Task instructions:
Check every line of the entries below for "admissible", and copy the lines that have it.

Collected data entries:

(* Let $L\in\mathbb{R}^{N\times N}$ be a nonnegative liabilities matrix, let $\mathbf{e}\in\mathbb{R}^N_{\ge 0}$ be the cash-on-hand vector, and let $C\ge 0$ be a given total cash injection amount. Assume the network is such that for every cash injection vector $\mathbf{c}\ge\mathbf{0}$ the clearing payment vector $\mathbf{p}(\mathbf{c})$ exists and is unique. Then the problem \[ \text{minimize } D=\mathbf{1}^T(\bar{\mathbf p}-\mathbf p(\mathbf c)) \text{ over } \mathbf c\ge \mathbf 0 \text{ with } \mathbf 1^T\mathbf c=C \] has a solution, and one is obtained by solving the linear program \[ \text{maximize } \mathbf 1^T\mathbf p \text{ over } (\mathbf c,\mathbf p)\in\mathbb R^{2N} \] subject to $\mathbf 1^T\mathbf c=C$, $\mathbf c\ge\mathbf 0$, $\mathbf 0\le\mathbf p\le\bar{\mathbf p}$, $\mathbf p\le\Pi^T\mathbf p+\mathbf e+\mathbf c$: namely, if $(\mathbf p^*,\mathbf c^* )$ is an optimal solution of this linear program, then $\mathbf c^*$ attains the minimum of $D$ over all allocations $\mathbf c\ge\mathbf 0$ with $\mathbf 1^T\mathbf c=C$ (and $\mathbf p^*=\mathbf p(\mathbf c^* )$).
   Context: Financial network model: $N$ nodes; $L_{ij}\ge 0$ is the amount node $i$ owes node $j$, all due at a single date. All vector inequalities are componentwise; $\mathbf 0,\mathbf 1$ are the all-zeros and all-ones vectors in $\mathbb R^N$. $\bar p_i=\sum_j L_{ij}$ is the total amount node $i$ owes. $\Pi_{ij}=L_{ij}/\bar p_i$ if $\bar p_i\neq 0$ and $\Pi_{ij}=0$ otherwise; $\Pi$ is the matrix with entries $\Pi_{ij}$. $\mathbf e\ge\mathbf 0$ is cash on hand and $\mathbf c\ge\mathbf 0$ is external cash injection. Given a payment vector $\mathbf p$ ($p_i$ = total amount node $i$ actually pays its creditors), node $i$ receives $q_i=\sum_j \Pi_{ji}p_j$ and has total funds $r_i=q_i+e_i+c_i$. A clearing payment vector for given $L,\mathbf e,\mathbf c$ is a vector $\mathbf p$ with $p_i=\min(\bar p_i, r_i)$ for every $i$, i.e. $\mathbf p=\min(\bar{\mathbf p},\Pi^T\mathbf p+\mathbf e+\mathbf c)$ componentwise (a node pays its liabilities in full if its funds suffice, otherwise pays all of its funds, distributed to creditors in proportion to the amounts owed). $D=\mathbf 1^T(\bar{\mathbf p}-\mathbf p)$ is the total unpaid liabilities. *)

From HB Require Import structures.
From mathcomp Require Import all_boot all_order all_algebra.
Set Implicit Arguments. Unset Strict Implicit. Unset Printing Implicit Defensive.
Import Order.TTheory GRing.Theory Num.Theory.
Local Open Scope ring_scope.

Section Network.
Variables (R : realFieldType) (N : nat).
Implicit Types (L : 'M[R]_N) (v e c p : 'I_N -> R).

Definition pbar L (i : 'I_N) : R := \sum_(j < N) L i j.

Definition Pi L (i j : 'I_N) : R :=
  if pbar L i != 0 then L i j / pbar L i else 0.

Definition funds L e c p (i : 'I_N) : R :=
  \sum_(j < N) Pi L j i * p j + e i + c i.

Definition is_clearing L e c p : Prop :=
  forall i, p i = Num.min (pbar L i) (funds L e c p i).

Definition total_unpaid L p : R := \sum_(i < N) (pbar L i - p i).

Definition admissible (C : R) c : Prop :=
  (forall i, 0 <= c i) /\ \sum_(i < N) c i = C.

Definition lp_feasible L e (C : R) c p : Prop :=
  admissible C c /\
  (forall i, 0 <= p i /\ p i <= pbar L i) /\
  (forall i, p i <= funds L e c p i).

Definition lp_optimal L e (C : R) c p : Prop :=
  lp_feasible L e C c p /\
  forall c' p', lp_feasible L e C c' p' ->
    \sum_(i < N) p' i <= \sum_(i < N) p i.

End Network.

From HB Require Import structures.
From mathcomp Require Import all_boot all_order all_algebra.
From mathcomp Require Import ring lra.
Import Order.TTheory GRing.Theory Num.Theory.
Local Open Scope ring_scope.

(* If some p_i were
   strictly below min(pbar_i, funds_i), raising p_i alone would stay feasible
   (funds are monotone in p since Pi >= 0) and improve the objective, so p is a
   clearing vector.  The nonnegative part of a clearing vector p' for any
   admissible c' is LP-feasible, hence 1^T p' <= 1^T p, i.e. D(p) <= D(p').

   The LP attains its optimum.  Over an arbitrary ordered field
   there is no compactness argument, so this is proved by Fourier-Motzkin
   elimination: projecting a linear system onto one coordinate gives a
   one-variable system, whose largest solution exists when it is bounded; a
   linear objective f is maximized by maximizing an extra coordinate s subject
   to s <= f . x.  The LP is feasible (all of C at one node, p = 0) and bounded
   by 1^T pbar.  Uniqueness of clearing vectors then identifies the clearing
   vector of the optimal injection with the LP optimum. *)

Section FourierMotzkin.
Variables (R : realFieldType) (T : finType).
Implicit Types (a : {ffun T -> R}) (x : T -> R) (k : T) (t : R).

Answer for the task:
Definition admissible (C : R) c : Prop :=
  admissible C c /\
   admissible c' is LP-feasible, hence 1^T p' <= 1^T p, i.e. D(p) <= D(p').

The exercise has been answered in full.